In the days of strict segregation in the South, my Mom never hesitated to drive on a regular basis into the poor “Negro” neighborhood (it’s not “PC” to use that term now but this was the early 1960’s) to take food she had prepared, and groceries, and necessities to Carrie and her family. Clothes for everyone. Christmas presents.
Sometimes she took me with her. I felt uncomfortable on so many levels. We got stared at in that neighborhood. I was not used to being the “different” one. I didn’t understand the aloof animosity that I felt had emanated from the folks on the sidewalks and the neighboring porches. In my childhood naivete I had no concept of prejudice, and was years away from understanding the wounds that others bore because of it.
Carrie lived in a wooden shack (or so I would have called it) that sagged under the weight of age and disrepair.
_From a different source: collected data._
Theorem lemma3p6
  (d : measure_display) (T : measurableType d) (R : realType)
  (P : probability T R) (sigma : T -> T)
  (* sigma invertible, measurable, with measurable inverse *)
  (sigma_inv : T -> T) (Hsc1 : cancel sigma sigma_inv) (Hsc2 : cancel sigma_inv sigma)
  (Hsm : measurable_fun setT sigma) (Hsim : measurable_fun setT sigma_inv)
  (* P-preserving *)
  (Hpres : forall A, measurable A -> P (sigma @^-1` A) = P A)
  (* ergodic *)
  (Herg : forall A, measurable A -> sigma @^-1` A = A -> P A = 0%E \/ P A = 1%E)
  (* the three Banach spaces B_ss ⊂ B_s ⊂ B_w = V *)
  (V : lmodType R) (Bs Bss : set V) (nw ns nss : V -> R)
  (Hw : banach_on setT nw) (Hs : banach_on Bs ns) (Hss : banach_on Bss nss)
  (HsubSS : Bss `<=` Bs)
  (Hnws : forall h, Bs h -> nw h <= ns h)
  (Hnsss : forall h, Bss h -> ns h <= nss h)
  (* psi *)
  (psi : V -> R) (Hpsi_lin : linear_functional psi)
  (Hpsi_nz : exists h, Bs h /\ psi h <> 0)
  (Hpsi_bs : exists c : R, forall h, Bs h -> `|psi h| <= c * ns h)
  (Hpsi_bw : exists c : R, forall h, `|psi h| <= c * nw h)
  (* the interval of parameters *)
  (I : set R) (HI : interval_of I) (HI0 : I 0)
  (* the operators L_{w,eps} *)
  (L : T -> R -> V -> V)
  (HLlin : forall w eps, I eps -> linear_map (L w eps))
  (HLw : forall w eps, I eps -> bounded_op_on setT nw (L w eps))
  (HLs : forall w eps, I eps -> bounded_op_on Bs ns (L w eps))
  (HLss : forall w eps, I eps -> bounded_op_on Bss nss (L w eps))
  (HLmeas_s : forall eps h, I eps -> Bs h -> ball_measurable Bs ns (fun w => L w eps h))
  (HLmeas_ss : forall eps h, I eps -> Bss h -> ball_measurable Bss nss (fun w => L w eps h))
  (* constants and the full-measure invariant set Omega' *)
  (C D lam lam1 : R) (HC : 0 < C) (HD : 0 < D) (Hlam : 0 < lam)
  (Hlam1 : 0 < lam1 < 1)
  (Om' : set T) (HOm_meas : measurable Om') (HOm_inv : sigma @^-1` Om' = Om')
  (HOm_full : P Om' = 1%E)
  (H1 : forall w n h, Om' w -> (0 < n)%N -> Bs h -> psi h = 0 ->
     ns (Lit sigma (fun w => L w 0) n w h) <= D * expR (- lam * n%:R) * ns h)
  (H2 : forall w n h, Om' w -> (0 < n)%N -> Bss h -> psi h = 0 ->
     nss (Lit sigma (fun w => L w 0) n w h) <= D * expR (- lam * n%:R) * nss h)
  (H3 : forall eps w n h, I eps -> Om' w -> (0 < n)%N -> Bs h ->
     ns (Lit sigma (fun w => L w eps) n w h) <= C * lam1 ^+ n * ns h + C * nw h)
  (H4 : forall eps w n h, I eps -> Om' w -> (0 < n)%N -> Bss h ->
     nss (Lit sigma (fun w => L w eps) n w h) <= C * lam1 ^+ n * nss h + C * ns h)
  (H5 : forall eps w h, I eps -> Om' w -> Bs h ->
     nw (L w eps h - L w 0 h) <= C * `|eps| * ns h)
  (H6 : forall eps w h, I eps -> Om' w -> Bss h ->
     ns (L w eps h - L w 0 h) <= C * `|eps| * nss h)
  (H7 : forall eps w n h, I eps -> Om' w -> (0 < n)%N ->
     nw (Lit sigma (fun w => L w eps) n w h) <= C * nw h)
  (H8 : forall eps w h, I eps -> Om' w -> Bs h -> psi (L w eps h) = psi h) :
  exists eps0 D' lam' : R, [/\ 0 < eps0, 0 < D', 0 < lam' &
    forall eps w n, I eps -> `|eps| <= eps0 -> Om' w ->
      (forall h, Bss h -> psi h = 0 ->
         nss (Lit sigma (fun w => L w eps) n w h) <= D' * expR (- lam' * n%:R) * nss h) /\
      (forall h, Bs h -> psi h = 0 ->
         ns (Lit sigma (fun w => L w eps) n w h) <= D' * expR (- lam' * n%:R) * ns h)].
Proof.
have [Bs_sub ns_norm _] := Hs; have [ns_ge0 _ _ ns_tri] := ns_norm.
have [V_sub nw_norm _] := Hw; have [nw_ge0 _ _ nw_tri] := nw_norm.
have [_ [nss_ge0 _ _ _] _] := Hss.
have Om_s w : Om' w -> Om' (sigma w) by move=> Ow; rewrite -HOm_inv in Ow.
have [lam1_gt0 lam1_lt1] := andP Hlam1.
have [N [N_gt0 block_small]] := exists_block_length C D Hlam (ltW lam1_gt0) lam1_lt1.
exists (decay_radius C N), ((2 * C + 1) * expR 1), (N + N)%:R^-1.
split; first exact: decay_radius_gt0.
- by rewrite mulr_gt0 ?expR_gt0 ?addr_gt0 ?mulr_gt0.
- by rewrite invr_gt0 ltr0n addn_gt0 N_gt0.
move=> eps w n Ieps eps_small Ow; split=> h Bh ph.
- have ns_weak eps' w' m x : I eps' -> Om' w' -> (0 < m)%N -> Bs x ->
      ns (Lit sigma (fun w => L w eps') m w' x) <= (2 * C + 1) * ns x.
    move=> Ie Ow' _ Bx; exact (Lit_bounded_of_LY (ltW HC) (ltW lam1_gt0) (ltW lam1_lt1)
      ns_ge0 Hnws (fun w n x => H3 eps' w n x Ie) m Ow' Bx).
  have ns_decay w' m x : Om' w' -> (0 < m)%N -> Bss x -> psi x = 0 ->
      ns (Lit sigma (fun w => L w 0) m w' x) <= D * expR (- lam * m%:R) * nss x.
    move=> Ow' m_gt0 Bx px; apply: le_trans (H1 _ _ _ Ow' m_gt0 (HsubSS _ Bx) px) _.
    by rewrite ler_wpM2l ?Hnsss // mulr_ge0 ?expR_ge0 ?ltW.
  exact: (Lit_exponential_decay Om_s HI0 HC (ltW lam1_gt0) (ltW lam1_lt1) HsubSS
    (subspace_subr Bs_sub) nss_ge0 ns_ge0 (norm_on0 Bs_sub ns_norm) ns_tri Hnsss HLlin
    (fun w' e Ie => (HLss w' e Ie).1) H4 ns_weak H6 ns_decay
    (fun e w' x Ie Ow' Bx => H8 e w' x Ie Ow' (HsubSS _ Bx))
    N_gt0 block_small n Ieps eps_small Ow Bh ph).
- have nw_weak eps' w' m x : I eps' -> Om' w' -> (0 < m)%N -> setT x ->
      nw (Lit sigma (fun w => L w eps') m w' x) <= (2 * C + 1) * nw x.
    move=> Ie Ow' m_gt0 _; apply: le_trans (H7 _ _ _ _ Ie Ow' m_gt0) _.
    by rewrite ler_wpM2r ?nw_ge0 //; lra.
  have nw_decay w' m x : Om' w' -> (0 < m)%N -> Bs x -> psi x = 0 ->
      nw (Lit sigma (fun w => L w 0) m w' x) <= D * expR (- lam * m%:R) * ns x.
    move=> Ow' m_gt0 Bx px; apply: le_trans (H1 _ _ _ Ow' m_gt0 Bx px).
    by apply: Hnws; apply: Lit_closed Bx => w'' y; apply: (HLs w'' 0 HI0).1.
  exact: (Lit_exponential_decay Om_s HI0 HC (ltW lam1_gt0) (ltW lam1_lt1)
    (fun x _ => Logic.I) (fun _ _ _ _ => Logic.I) ns_ge0 nw_ge0 (norm_on0 V_sub nw_norm)
    nw_tri Hnws HLlin (fun w' e Ie => (HLs w' e Ie).1) H3 nw_weak H5 nw_decay H8
    N_gt0 block_small n Ieps eps_small Ow Bh ph).
Qed.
Contrary to my internal impulses I didn’t act at all hesitant to stride boldly up those rickety steps, across the stoop, and through the squeaky front porch screen door that clung by the barest of screw threads to a dry-rotting door jamb. I squelched my squeamishness.
It wasn’t that we were in a poor neighborhood of people different from me, or a house that looked, felt, and, yes, smelled so different from my own. It was Carrie herself. That kind old woman who had once held me close that day that I had sobbed – after walking home from first grade, I had seen the bloody splotch in the middle of the street that Carrie had tried to rinse away with a bucket or two of water. My sweet pet beagle had died that day.
Now she was dying. She was wasting away. Too weak to move. She had the odor of death (Something with which I would become all too familiar in Emergency Rooms and ICU’s in the years of my as-yet-unforeseen future).
I wanted to run.
But I clutched my weapon (in this case, a sack of second-hand clothes). Charged that hill. Vanquished the enemy. Won the battle. Held my ground.
Still holding. Awaiting further orders from The Commander.